DLScanner: A parameter space scanner package assisted by deep learning methods

TL;DR

DLScanner tackles the challenge of efficiently exploring high-dimensional BSM parameter spaces by fusing similarity learning with VEGAS adaptive sampling in an iterative, feedback-driven loop. It supports both DL regressors and classifiers (including MLP and SL) to map sampling spaces to target regions, with VEGAS concentrating samples where they matter most. The MSSM case demonstrates faster convergence when using SL or MLP classifiers with VEGAS compared to random sampling, and highlights the robustness and generality of the approach across tools such as SPheno and micrOMEGAs.
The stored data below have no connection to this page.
Definition cd (i : Z) (j : bool) : G := gmul (zpow c i) (if j then d else gone).

Lemma cd_mul i j i' j' :
  gmul (cd i j) (cd i' j') =
  cd (i + (if j then - i' else i') + (if andb j j' then N else 0)) (xorb j j').
Proof.
  unfold cd. destruct j, j'; simpl; rewrite ?mulg1, ?Z.add_0_r, !zpowD.
  - rewrite <- d_square, <- !gmulA, (gmulA _ d), d_mul_zpow, !gmulA.
    reflexivity.
  - rewrite <- gmulA, d_mul_zpow, gmulA. reflexivity.
  - rewrite gmulA. reflexivity.
  - reflexivity.
Qed.

Lemma cd_inv i j : ginv (cd i j) = cd (if j then i - N else - i) j.
Proof.
  symmetry. apply mul_eq1_invl. rewrite cd_mul.
  replace (_ + _ + _) with 0 by (destruct j; simpl; lia).
  destruct j; simpl; apply mulg1.
Qed.

Lemma cd_mod i j : cd i j = cd (i mod (2 * N)) j.
Proof.
  unfold cd. rewrite (Z_div_mod_eq_full i (2 * N)) at 1.
  rewrite zpowD, zpowM_eq1, gmul1 by exact zpow_c_2N. reflexivity.
Qed.

Lemma eval_conj_blocks (l : list (Z * Z)) :
  eval_word c d
    (flat_map (fun p => [(false, fst p); (true, 1); (false, snd p); (true, -1)]) l)
  = zpow c (sumZ (map fst l) - sumZ (map snd l)).
Proof.
  induction l as [|p l IH]; [reflexivity|].
  cbn [flat_map]. rewrite eval_word_app, IH. cbn -[zpow].
  rewrite mulg1, zpow1, zpowN1, d_conj_zpow, <- !zpowD.
  f_equal. unfold sumZ. simpl. lia.
Qed.

End Dicyclic.

Lemma relQ_relations (G : Grp) (c d : G) n :
  satisfies c d (relQ n) ->
  gmul d d = zpow c (Z.of_nat n) /\ gmul d (gmul c (ginv d)) = ginv c.
Proof.
  intro Hsat. inversion_clear Hsat as [|? ? H1 Hsat']. inversion_clear Hsat' as [|? ? H2 _].
  cbn -[zpow] in H1, H2. rewrite mulg1 in H1. rewrite !zpow1, zpowN1, mulg1 in H2.
  split.
  - apply mul_eq1_invl in H1. rewrite H1, <- zpowN. simpl. rewrite mulg1.
    reflexivity.
  - apply mul_eq1_invr. exact H2.
Qed.

Lemma sumZ_app (l1 l2 : list Z) : sumZ (l1 ++ l2) = sumZ l1 + sumZ l2.
Proof. induction l1 as [|x l IH]; simpl; [reflexivity|]. rewrite IH. lia. Qed.

Lemma map_fst_combine {A B : Type} (l : list A) (l' : list B) :
  length l = length l' -> map fst (combine l l') = l.
Proof.
  revert l'. induction l as [|x l IH]; intros [|y l'] E; simpl in *;
    try discriminate; auto.
  f_equal. apply IH. lia.
Qed.

Lemma map_snd_combine {A B : Type} (l : list A) (l' : list B) :
  length l = length l' -> map snd (combine l l') = l'.
Proof.
  revert l'. induction l as [|x l IH]; intros [|y l'] E; simpl in *;
    try discriminate; auto.
  f_equal. apply IH. lia.
Qed.

Lemma satisfies_relP_of_relQ (G : Grp) (c d : G) n ns ms :
  length ns = length ms -> satisfies c d (relQ n) -> satisfies c d (relP n ns ms).
Proof.
  intros Hlen Hsat.
  destruct (relQ_relations _ _ _ _ Hsat) as [_ d_conj_c].
  inversion_clear Hsat as [|? ? H1 _].
  constructor; [exact H1|]. constructor; [|constructor].
  assert (Hlen' : length (ns ++ [1 - sumZ ns]) = length (ms ++ [1 - sumZ ms])).
  { rewrite !length_app. simpl. lia. }
  rewrite (eval_conj_blocks _ _ _ d_conj_c), map_fst_combine, map_snd_combine,
    !sumZ_app by exact Hlen'.
  replace (_ - _) with 0 by (unfold sumZ; cbn [fold_right]; lia). reflexivity.
Qed.

Lemma presents_relQ_finite (Q : Grp) (c d : Q) n :
  (0 < n)%nat -> presents Q c d (relQ n) -> Finite Q.
Proof.
  intros Hn HQ. set (N := Z.of_nat n).
  destruct (relQ_relations _ _ _ _ (proj1 HQ)) as [d_square d_conj_c].
  assert (Hcd : forall z, exists i j, z = cd _ c d i j).
  { intro z. refine (presents_ind Q (fun z => exists i j, z = cd _ c d i j)
                         _ _ _ c d (relQ n) HQ _ _ z).
    - exists 0, false. unfold cd. rewrite mulg1. reflexivity.
    - intros x y [i [j ->]] [i' [j' ->]]. rewrite (cd_mul _ _ _ _ d_square d_conj_c). eauto.
    - intros x [i [j ->]]. rewrite (cd_inv _ _ _ _ d_square d_conj_c). eauto.
    - exists 1, false. unfold cd. rewrite zpow1, mulg1. reflexivity.
    - exists 0, true. unfold cd. simpl. rewrite gmul1. reflexivity. }
  exists (flat_map (fun k => [cd _ c d (Z.of_nat k) false; cd _ c d (Z.of_nat k) true])
                   (seq 0 (2 * n))).
  intro z. destruct (Hcd z) as [i [j ->]].
  rewrite (cd_mod _ _ _ N d_square d_conj_c).
  assert (Hr : 0 <= i mod (2 * N) < 2 * N) by (apply Z.mod_pos_bound; lia).
  apply in_flat_map. exists (Z.to_nat (i mod (2 * N))). split.
  - apply in_seq. lia.
  - rewrite Z2Nat.id by lia. destruct j; simpl; auto.
Qed.

(* Surjective endomorphisms of a finite set are injective; compose f with the
   left inverse of the embedding h to get one. *)
Lemma Surjective_Injective_finite {A B : Type} (h : A -> B) (h' : B -> A) :
  (forall x, h' (h x) = x) -> Finite B ->
  forall f : A -> B, Surjective f -> Injective f.
Proof.
  intros hK finB f surj_f x y E.
  assert (inj : Injective (fun z => f (h' z))).
  { apply (Endo_Injective_Surjective finB); [intros u v; apply classic|].
    intro z. destruct (surj_f z) as [u <-]. exists (h u). rewrite hK. reflexivity. }
  rewrite <- (hK x), <- (hK y). f_equal. apply inj. rewrite !hK. exact E.
Qed.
This framework offers a practical, open-source path to accelerate parameter-space investigations with large, expensive-to-evaluate observables, enabling more efficient and comprehensive explorations of BSM theories.

Abstract

In this paper, we introduce a scanner package enhanced by deep learning (DL) techniques. The proposed package addresses two significant challenges associated with previously developed DL-based methods: slow convergence in high-dimensional scans and the limited generalization of the DL network when mapping random points to the target space. To tackle the first issue, we utilize a similarity learning network that maps sampled points into a representation space. In this space, in-target points are grouped together while out-target points are effectively pushed apart. This approach enhances the scan convergence by refining the representation of sampled points. The second challenge is mitigated by integrating a dynamic sampling strategy. Specifically, we employ a VEGAS mapping to adaptively suggest new points for the DL network while also improving the mapping when more points are collected. Our proposed framework demonstrates substantial gains in both performance and efficiency compared to other scanning methods.

Figures (6)

• Figure 1: Charts for the iterative processes used for the regressor (left) and the classifier (right). Black arrows indicate the main predict-train loop, green arrows indicate places where random input is required, orange arrows mark the parts where we collect the output dataset and blue arrows highlight where VEGAS mapping is trained and used to suggest new points.
• Figure 2: Schematic representation of similarity learning within the scanning loop. During training, the network maps sampled points that satisfy the constraints to a different region of the representation space than those that do not. Once the representation space is structured, it can then be used to predict points that are very close to the target region.
• Figure 3: Collected samples for the function $O_\text{3d}$ as described in the text. In the left, the total of samples collected in and out of target are displayed (90 000 points, opacity of each point is 0.2). In the right, only the samples collected in target are displayed (17 000 points, opacity of each point is 0.5). The points in the left correspond to the points that were selected by the network and ultimately passed to $O_\text{3d}$.
• Figure 4: Progression of reduction of samples in the process used here. The leftmost panel corresponds to the distribution of points generated when using VEGAS map for a total of $10^6$ points (opacity of each point is 0.1). The panel in the middle corresponds the filter using the network to predict which points are either in- or out-target and selecting only $10^4$ points (opacity of each point is 0.2). The rightmost panel corresponds to the final points that would be collected as in-target during the step, in this case 5430 points (opacity of each point is 0.2).
• Figure 5: Number of accumulated valid points in terms of number of iterations for different scanning methods. Solid lines represent the VEGAS sampled scan while dashed lines represent the random sampling.